The Black fixtures had to be modified to create `[insta](https://github.com/mitsuhiko/insta)`-compatible snapshots, which now exist in the repo.
My approach thus far has been to try and improve coverage by tackling fixtures one-by-one.
## What works, and what doesn’t
- *Most* nodes are supported at a basic level (though there are a few stragglers at time of writing, like `StmtKind::Try`).
- Newlines are properly preserved in most cases.
- Magic trailing commas are properly preserved in some (but not all) cases.
- Trivial leading and trailing standalone comments mostly work (although maybe not at the end of a file).
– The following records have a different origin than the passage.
Lemma unitarymx_mulmx_adjK P A : P \is unitarymx -> P *m (adj P *m A) = A.
Proof. by move=> uP; rewrite mulmxA unitarymx_mulmx_adj // mul1mx. Qed.

Definition map_re (f : R -> R) c : 'rV[R[i]]_n :=
  map_mx (fun z : R[i] => ((f (complex.Re z))%:C)%C) c.

Lemma map_re_comp (f g : R -> R) c : map_re g (map_re f c) = map_re (g \o f) c.
Proof. by apply/matrixP => i j; rewrite !mxE. Qed.

(* [Q := P2 P1^*] intertwines [diag c1] and [diag c2], i.e. [c1 j = c2 i] whenever
   [Q i j != 0]; hence it also intertwines [diag (h c1)] and [diag (h c2)]. *)
Lemma unitary_diag_map (h : R[i] -> R[i]) P1 P2 c1 c2 :
  P1 \is unitarymx -> P2 \is unitarymx ->
  adj P1 *m diag_mx c1 *m P1 = adj P2 *m diag_mx c2 *m P2 ->
  adj P1 *m diag_mx (map_mx h c1) *m P1 = adj P2 *m diag_mx (map_mx h c2) *m P2.
Proof.
move=> u1 u2 E.
pose Q := P2 *m adj P1.
have QD : Q *m diag_mx c1 = diag_mx c2 *m Q.
  have := congr1 (fun X => P2 *m X *m adj P1) E.
  rewrite !mulmxA unitarymx_mulmx_adj // mul1mx -!mulmxA.
  by rewrite unitarymx_mulmx_adj // mulmx1 !mulmxA.
have QP1 : Q *m P1 = P2 by rewrite -mulmxA unitarymx_adj_mulmx // mulmx1.
have P2Q : adj P2 *m Q = adj P1 by rewrite unitarymx_adj_mulmxK.
clearbody Q.
have QDh : Q *m diag_mx (map_mx h c1) = diag_mx (map_mx h c2) *m Q.
  apply/matrixP => i j; move/matrixP: QD => /(_ i j).
  rewrite !mul_mx_diag !mul_diag_mx !mxE => Qij.
  have [->|Qn0] := eqVneq (Q i j) 0; first by rewrite mulr0 mul0r.
  have -> : c1 0 j = c2 0 i by apply: (mulfI Qn0); rewrite Qij mulrC.
  by rewrite mulrC.
by rewrite -{2}QP1 !mulmxA -(mulmxA _ _ Q) -QDh mulmxA P2Q.
Qed.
- Inline comments, and comments within expressions, often don’t work -- they work in a few cases, but it’s one-off right now. (We’re probably associating them with the “right” nodes more often than we are actually rendering them in the right place.)
- We don’t properly normalize string quotes. (At present, we just repeat any constants verbatim.)
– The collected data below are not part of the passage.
(* Let $\mathbf{FT}$ denote the category whose objects are the finite games that are trivial for Alice and whose morphisms are game embeddings. There is a Fraïssé sequence $F\colon\omega\to\mathbf{FT}$ — i.e. (U) every object $X$ of $\mathbf{FT}$ admits a game embedding $X\to F(n)$ for some $n$, and (A) for every $n$ and every game embedding $f\colon F(n)\to X$ with $X$ in $\mathbf{FT}$ there are $m\ge n$ and a game embedding $g\colon X\to F(m)$ with $g\circ f=F_n^m$ — whose colimit in $\mathbf{Games}_A$ is $G_{FL}=(\omega^{<\omega},c_{00}(\omega))$.
   Context: A game tree is $T\subseteq M^{<\omega}$ (some set $M$) closed under initial segments such that every $t\in T$ has an extension $t^\frown x\in T$; $|t|$ is the length, $t\restriction k$ the initial segment of length $k$. $\mathrm{Run}(T)=\{R\in M^\omega:R\restriction n\in T\ \forall n\}$. A game is $(T,A)$ with $A\subseteq\mathrm{Run}(T)$; finite if $\mathrm{Run}(T)$ is finite; trivial for Alice if $A=\mathrm{Run}(T)$. A chronological map $f\colon T_1\to T_2$ satisfies $|f(t)|=|t|$, $f(t\restriction k)=f(t)\restriction k$, inducing $\bar f$ on runs via $\bar f(R)\restriction n=f(R\restriction n)$. $\mathbf{Games}_A$ is the category of games with A-morphisms (chronological $f$ with $\bar f[A_1]\subseteq A_2$). A game embedding is an injective chronological $f$ with $\bar f(R)\in A_2\iff R\in A_1$ for all runs $R$. $\omega$ is a category via its order and $F_n^m=F(n\le m)$. $c_{00}(\omega)$ is the set of eventually zero sequences in $\omega^\omega$. *)

From mathcomp Require Import all_boot.
Set Implicit Arguments. Unset Strict Implicit. Unset Printing Implicit Defensive.

(* A game tree over M: a set of finite sequences closed under initial segments
   in which every node has an immediate extension; the game has a set A of
   winning runs (for Alice) included in the set of runs. *)
Record Game (M : Type) := MkGame {
  tree : seq M -> Prop;
  acc : (nat -> M) -> Prop;
  tree_closed : forall t k, tree t -> tree (take k t);
  tree_ext : forall t, tree t -> exists x, tree (rcons t x);
  acc_runs : forall R, acc R -> forall n, tree (mkseq R n)
}.

(* R restricted to n is mkseq R n = [:: R 0; ...; R n.-1]. *)
Definition Run (M : Type) (G : Game M) (R : nat -> M) : Prop :=
  forall n, tree G (mkseq R n).

(* Finite game: Run(T) is finite (runs compared extensionally). *)
Definition finite_game (M : Type) (G : Game M) : Prop :=
  exists (N : nat) (e : nat -> nat -> M),
    forall R, Run G R -> exists2 i, i < N & forall k, R k = e i k.

Definition trivial_for_Alice (M : Type) (G : Game M) : Prop :=
  forall R, Run G R -> acc G R.

Definition FT_obj (M : Type) (G : Game M) : Prop :=
  finite_game G /\ trivial_for_Alice G.

(* Chronological map T1 -> T2 (only its values on T1 matter). *)
Definition chronological (M1 M2 : Type) (G1 : Game M1) (G2 : Game M2)
  (f : seq M1 -> seq M2) : Prop :=
  forall t, tree G1 t ->
    [/\ tree G2 (f t), size (f t) = size t &
        forall k, f (take k t) = take k (f t)].

Definition induced_run (M1 M2 : Type) (f : seq M1 -> seq M2)
  (R : nat -> M1) (S : nat -> M2) : Prop :=
  forall n, f (mkseq R n) = mkseq S n.

Definition A_morphism (M1 M2 : Type) (G1 : Game M1) (G2 : Game M2)
  (f : seq M1 -> seq M2) : Prop :=
  chronological G1 G2 f /\
  forall R S, acc G1 R -> induced_run f R S -> acc G2 S.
- We’re mishandling a bunch of wrapping cases (if we treat Black as the reference implementation). Here are a few examples (demonstrating Black's stable behavior):
```py
# In some cases, if the end expression is "self-closing" (functions,
# lists, dictionaries, sets, subscript accesses, and any length-two
# boolean operations that end in these elments), Black
# will wrap like this...
if some_expression and f(
b,
c,
d,
):
pass
# ...whereas we do this:
if (
some_expression
and f(
b,
c,
d,
)
):
pass
# If function arguments can fit on a single line, then Black will
# format them like this, rather than exploding them vertically.
if f(
a, b, c, d, e, f, g, ...
):
pass
```
- We don’t properly preserve parentheses in all cases. Black preserves parentheses in some but not all cases.